2500 Moser Hall
(330) 941- 3023
The industrial engineering program option provides opportunities for interdisciplinary graduate studies toward the Master of Science in Engineering with specialization in engineering management or industrial/manufacturing systems engineering. Students can also pursue study focused on specialized areas of industrial and systems engineering, such as operations research.
All study plans are interdisciplinary and include some coursework from outside the department. They are designed to serve practicing engineers, as well as those students who want to pursue advanced graduate studies beyond the Master of Science in engineering.
The Master of Science in Engineering may be characterized as being both career-oriented and flexible. Program plans and options are available to accommodate the needs of nearly every engineering graduate student. Graduate students enrolled in any of the engineering graduate programs must complete:
- 30 semester hours for the thesis plan,
- 33 semester hours for the nonthesis plan, or
- 36 semester hours for the management plan.
The degree requirements consist of core courses, technical courses, and project courses. The management plan also requires a series of business courses. These degree programs are designed to provide graduate students with the knowledge and skills to excel in professional careers and/or pursue a PhD or doctorate degree in engineering. To obtain a list of core and technical course requirements for a particular engineering discipline, students should contact the option coordinator for the program of interest.
Graduate students choosing the thesis plan are required to complete 30 semester hours of graduate coursework. This generally consists of:
- six to nine semester hours of core courses,
- 15-18 semester hours of technical concentration courses, and
- six semester hours of thesis.
This plan is strongly recommended for all candidates who wish to continue their graduate studies beyond the master’s degree. The thesis provides firsthand experience with experimental design, literature searches, research methodology, technical report writing, and oral presentation of results. Additionally, the thesis option can lead the graduate student to a higher level of expertise in the chosen area of specialization.
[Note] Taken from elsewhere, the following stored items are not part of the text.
(* In degree 0 the bar construction B(P) has exactly one generator over each
   object, the empty word [], and y_*[] = []. Every generating relation of
   B(P) lives in word length at least 1, so none survives in degree 0, and
   d[a] = e(a) x_*[] - e(a) x_*[] vanishes. Hence a 0-cochain is a natural
   map from the constant module Z to A, automatically a cocycle, and it is
   determined by its value at [] over e: H^0(Hom(B(P), A)) = A(e) for every
   P, in particular for B^r(ZM) = B(B^(r-1)(ZM)) with r >= 1. *)

Section BarDegreeZero.
Variables (M : comMonoid) (P : pdga M).

Definition bar_empty (x : M) : BG P x 0 := exist _ [::] (conj erefl I).

Lemma bar0E x (g : BG P x 0) : g = bar_empty x.
Proof.
case: g => [[|a s] [hw hc]] //; case: hc.
by rewrite /bar_empty (eq_irrelevance hw erefl).
Qed.

Lemma bmk_nil0 x : @bmk _ P x 0 [::] = csingle (bar_empty x).
Proof.
rewrite /bmk; case: boolp.pselect => [h|h]; first by rewrite (bar0E (exist _ _ h)).
by case: h.
Qed.

Lemma bmk_cons0 x a s : @bmk _ P x 0 (a :: s) = [::].
Proof. by rewrite /bmk; case: boolp.pselect => // -[]. Qed.

Lemma size_tens cs : all (fun p => size p.2 == size cs) (tens (P:=P) cs).
Proof.
elim: cs => [|c cs IH] //=.
elim: c => //= p c IHc; rewrite all_cat {}IHc andbT all_map.
by apply: sub_all IH => q /= /eqP ->.
Qed.

Lemma size_word_gt0 pre mid suf : (0 < size mid)%N ->
  all (fun p => 0 < size p.2)%N (word (P:=P) pre mid suf).
Proof.
move=> mid_gt0; apply: sub_all (size_tens _) => p /= /eqP ->.
by rewrite !size_cat; lia.
Qed.

Lemma blift0_nonempty x (c : comb (seq (gen P))) :
  all (fun p => 0 < size p.2)%N c -> @blift _ P x 0 c = [::].
Proof.
elim: c => [|[k s] c IH] //= /andP[s_gt0 /IH {}IH].
case: s s_gt0 => // a s _.
by rewrite -[blift _ _ _]/(cscale k (bmk x 0 (a :: s)) ++ blift x 0 c) bmk_cons0 IH.
Qed.

Lemma blift0_rawrel x R : @rawrel _ P R -> @blift _ P x 0 R = [::].
Proof.
case=> [pre suf y k r _|pre suf y|pre suf u a b];
  apply: blift0_nonempty; try exact: size_word_gt0.
rewrite /csub all_cat size_word_gt0 //= /cscale all_map.
by apply: sub_all (@size_word_gt0 pre [:: csingle a; gpush u b] suf isT).
Qed.

Lemma ceval_dif_bar1 x (V : zmodType) (F : BG P x 0 -> V) (g : BG P x 1) :
  ceval F (@blift _ P x 0 (rdif (sval g))) = 0.
Proof.
case: g => [[|a [|b s]] [hw _]] //=.
case: a hw => y [[|k] g'] hw; last by move: hw; rewrite /wt /gdeg /=; lia.
rewrite /rdif /= hw /blift /cbind /= bmk_nil0 /ceval !big_cons big_nil /=.
by rewrite addr0 -mulrzDr /sgn expr1 !mulr1 mulN1r addrN mulr0z.
Qed.

Lemma ceval_push_bar_empty x y (V : zmodType) (F : BG P (cm_op x y) 0 -> V) :
  ceval F (push (Bar P) y (bar_empty x : G (Bar P) x 0)) = F (bar_empty _).
Proof.
by rewrite /= /blift /cbind /= bmk_nil0 /ceval !big_cons big_nil /= mulr1 mulr1z addr0.
Qed.

End BarDegreeZero.

Section BarCohomologyZero.
Variables (M : comMonoid) (P : pdga M) (A : HMmodule M).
The non-thesis plan is designed for students who wish to enhance their knowledge and skills to succeed in careers as practicing engineers, but are unlikely to pursue a PhD or doctorate degree. A total of 33 semester hours of coursework is required for this plan. In addition to 6-9 semester hours of core courses, every student enrolled in this option is required to complete 21-24 semester hours of technical courses related to their discipline, and a 3-semester-hour graduate project course. A graduate student enrolled in a graduate project course will be required to defend the results of his or her project by giving a presentation to the engineering faculty and students.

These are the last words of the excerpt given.